**What to do:**
Using the string "IncreasingSequence" as the key, pull each matching line out of the records below.

[Data extracted from a collection]
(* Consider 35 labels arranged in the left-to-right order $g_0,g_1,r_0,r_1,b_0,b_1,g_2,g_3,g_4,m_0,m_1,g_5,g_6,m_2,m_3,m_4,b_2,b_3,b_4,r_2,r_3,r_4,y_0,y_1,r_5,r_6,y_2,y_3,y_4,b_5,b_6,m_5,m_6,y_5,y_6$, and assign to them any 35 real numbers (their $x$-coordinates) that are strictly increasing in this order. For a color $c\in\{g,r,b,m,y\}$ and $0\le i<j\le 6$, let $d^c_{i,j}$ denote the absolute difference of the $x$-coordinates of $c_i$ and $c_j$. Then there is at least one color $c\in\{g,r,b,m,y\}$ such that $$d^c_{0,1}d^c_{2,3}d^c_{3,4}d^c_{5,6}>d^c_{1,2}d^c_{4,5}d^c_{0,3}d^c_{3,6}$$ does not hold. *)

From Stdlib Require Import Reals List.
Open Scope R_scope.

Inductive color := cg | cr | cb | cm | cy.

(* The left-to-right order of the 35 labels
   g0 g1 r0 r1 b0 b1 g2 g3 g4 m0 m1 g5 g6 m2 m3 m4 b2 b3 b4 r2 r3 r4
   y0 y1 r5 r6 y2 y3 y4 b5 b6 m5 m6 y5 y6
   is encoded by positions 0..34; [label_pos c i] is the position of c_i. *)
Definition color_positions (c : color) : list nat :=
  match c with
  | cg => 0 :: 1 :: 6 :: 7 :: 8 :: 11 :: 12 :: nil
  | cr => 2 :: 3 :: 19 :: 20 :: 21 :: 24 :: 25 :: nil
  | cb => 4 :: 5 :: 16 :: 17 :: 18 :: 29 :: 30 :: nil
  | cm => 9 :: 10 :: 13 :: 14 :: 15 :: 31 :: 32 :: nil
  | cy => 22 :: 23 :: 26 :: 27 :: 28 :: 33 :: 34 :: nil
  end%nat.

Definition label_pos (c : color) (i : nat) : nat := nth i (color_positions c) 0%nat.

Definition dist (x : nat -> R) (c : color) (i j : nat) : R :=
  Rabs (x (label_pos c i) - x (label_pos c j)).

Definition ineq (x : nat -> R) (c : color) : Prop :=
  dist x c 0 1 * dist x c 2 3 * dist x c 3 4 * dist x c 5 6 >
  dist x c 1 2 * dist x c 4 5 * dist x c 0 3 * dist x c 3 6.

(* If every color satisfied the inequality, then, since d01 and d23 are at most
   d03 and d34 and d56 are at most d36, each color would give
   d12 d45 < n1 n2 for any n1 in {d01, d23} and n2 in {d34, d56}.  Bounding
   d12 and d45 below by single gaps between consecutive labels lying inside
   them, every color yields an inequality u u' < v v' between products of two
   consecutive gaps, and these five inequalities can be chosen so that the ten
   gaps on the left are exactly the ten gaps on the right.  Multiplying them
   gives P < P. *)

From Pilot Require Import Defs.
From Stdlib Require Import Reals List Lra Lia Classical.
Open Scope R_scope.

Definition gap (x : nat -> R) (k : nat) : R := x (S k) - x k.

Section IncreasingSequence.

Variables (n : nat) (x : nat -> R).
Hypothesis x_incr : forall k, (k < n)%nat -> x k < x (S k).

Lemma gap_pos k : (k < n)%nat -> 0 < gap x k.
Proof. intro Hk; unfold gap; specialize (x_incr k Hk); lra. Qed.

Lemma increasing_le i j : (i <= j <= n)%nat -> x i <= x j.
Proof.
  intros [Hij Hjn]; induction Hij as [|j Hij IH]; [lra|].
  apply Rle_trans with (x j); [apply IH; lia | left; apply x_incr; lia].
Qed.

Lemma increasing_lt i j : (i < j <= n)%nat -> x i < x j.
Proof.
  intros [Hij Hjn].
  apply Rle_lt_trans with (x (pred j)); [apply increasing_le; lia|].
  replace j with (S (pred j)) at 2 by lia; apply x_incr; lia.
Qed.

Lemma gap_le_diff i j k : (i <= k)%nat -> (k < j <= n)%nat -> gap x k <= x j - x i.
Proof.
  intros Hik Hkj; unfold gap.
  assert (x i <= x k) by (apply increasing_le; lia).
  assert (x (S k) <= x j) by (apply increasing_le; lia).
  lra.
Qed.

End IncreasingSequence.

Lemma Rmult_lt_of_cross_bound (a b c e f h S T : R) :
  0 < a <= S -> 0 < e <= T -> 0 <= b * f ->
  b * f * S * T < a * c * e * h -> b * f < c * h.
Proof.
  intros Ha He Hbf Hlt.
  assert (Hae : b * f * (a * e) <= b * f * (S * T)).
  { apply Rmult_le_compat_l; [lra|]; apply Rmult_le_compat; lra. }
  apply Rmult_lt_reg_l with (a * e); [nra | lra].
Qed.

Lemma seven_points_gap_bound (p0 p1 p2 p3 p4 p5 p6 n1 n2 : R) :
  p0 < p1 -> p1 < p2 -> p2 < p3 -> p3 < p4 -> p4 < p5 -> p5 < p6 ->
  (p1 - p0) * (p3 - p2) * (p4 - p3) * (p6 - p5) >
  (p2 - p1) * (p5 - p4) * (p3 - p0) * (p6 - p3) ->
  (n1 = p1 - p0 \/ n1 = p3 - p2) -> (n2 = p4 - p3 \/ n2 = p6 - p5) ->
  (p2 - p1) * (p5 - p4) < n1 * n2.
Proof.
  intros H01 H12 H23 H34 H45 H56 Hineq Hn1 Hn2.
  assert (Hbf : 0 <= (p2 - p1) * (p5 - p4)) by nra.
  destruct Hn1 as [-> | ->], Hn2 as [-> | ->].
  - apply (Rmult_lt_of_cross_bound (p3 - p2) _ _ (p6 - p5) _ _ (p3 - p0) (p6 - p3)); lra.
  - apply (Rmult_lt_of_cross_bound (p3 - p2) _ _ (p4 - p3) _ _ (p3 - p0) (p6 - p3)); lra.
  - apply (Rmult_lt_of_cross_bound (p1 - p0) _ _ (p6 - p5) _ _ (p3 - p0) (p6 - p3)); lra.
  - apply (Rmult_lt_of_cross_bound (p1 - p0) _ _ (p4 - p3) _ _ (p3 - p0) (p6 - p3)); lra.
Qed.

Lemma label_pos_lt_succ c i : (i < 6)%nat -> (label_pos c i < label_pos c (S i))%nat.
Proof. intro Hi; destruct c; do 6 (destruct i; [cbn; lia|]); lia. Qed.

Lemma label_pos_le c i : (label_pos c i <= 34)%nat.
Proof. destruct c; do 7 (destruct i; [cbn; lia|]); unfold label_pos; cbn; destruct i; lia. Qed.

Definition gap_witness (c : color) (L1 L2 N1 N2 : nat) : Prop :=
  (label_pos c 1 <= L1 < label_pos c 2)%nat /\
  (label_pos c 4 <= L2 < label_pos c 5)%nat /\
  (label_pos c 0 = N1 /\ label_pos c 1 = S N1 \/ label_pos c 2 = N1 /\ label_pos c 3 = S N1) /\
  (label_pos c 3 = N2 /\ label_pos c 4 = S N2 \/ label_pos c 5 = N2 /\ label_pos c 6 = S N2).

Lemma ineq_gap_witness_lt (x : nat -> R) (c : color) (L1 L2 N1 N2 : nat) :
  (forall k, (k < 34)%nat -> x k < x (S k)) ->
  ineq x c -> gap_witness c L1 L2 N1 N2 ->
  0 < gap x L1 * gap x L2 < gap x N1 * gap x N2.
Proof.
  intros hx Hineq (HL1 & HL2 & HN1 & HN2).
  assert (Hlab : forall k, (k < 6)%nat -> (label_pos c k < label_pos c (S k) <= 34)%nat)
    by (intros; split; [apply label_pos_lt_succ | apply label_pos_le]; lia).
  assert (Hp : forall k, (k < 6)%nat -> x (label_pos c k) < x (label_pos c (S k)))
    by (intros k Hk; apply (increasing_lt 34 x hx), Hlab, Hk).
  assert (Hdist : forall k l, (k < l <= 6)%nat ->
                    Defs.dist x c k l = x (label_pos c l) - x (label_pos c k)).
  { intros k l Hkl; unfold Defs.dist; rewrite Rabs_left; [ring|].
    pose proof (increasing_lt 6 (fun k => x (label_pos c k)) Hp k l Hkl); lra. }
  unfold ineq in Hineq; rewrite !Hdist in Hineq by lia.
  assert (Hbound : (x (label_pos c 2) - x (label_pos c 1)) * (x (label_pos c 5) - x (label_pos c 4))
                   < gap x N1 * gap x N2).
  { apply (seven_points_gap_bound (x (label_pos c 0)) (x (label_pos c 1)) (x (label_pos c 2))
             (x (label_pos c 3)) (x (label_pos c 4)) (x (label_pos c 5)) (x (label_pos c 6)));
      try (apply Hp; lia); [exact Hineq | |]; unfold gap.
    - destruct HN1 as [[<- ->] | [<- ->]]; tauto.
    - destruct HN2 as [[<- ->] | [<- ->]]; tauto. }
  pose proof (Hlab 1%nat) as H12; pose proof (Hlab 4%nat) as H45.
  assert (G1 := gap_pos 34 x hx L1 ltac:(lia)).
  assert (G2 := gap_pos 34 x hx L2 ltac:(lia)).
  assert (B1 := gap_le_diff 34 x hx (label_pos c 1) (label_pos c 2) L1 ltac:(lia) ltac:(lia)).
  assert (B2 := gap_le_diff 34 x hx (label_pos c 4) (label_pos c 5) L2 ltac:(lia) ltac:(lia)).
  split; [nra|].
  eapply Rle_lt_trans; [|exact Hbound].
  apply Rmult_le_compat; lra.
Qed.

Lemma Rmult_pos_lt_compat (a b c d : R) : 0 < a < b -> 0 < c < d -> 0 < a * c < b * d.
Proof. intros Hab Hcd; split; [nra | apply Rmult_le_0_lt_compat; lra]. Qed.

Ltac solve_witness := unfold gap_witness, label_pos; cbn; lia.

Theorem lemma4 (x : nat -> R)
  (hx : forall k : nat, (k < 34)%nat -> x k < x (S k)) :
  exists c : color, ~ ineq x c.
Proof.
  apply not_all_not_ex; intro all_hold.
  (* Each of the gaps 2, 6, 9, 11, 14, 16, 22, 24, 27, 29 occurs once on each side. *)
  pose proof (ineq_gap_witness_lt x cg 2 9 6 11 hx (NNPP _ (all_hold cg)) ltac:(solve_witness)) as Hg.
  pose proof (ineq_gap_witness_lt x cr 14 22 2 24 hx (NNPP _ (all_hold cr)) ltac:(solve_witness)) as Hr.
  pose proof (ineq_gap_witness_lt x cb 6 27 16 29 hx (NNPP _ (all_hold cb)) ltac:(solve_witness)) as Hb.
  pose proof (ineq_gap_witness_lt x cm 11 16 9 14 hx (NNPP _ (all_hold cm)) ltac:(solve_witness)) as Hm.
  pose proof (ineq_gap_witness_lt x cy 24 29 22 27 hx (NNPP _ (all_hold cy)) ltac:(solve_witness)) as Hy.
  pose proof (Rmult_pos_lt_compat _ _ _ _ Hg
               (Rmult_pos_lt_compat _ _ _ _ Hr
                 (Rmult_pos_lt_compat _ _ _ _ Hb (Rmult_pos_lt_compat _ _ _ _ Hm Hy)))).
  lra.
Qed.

**Answer to this exercise:**
Section IncreasingSequence.
End IncreasingSequence.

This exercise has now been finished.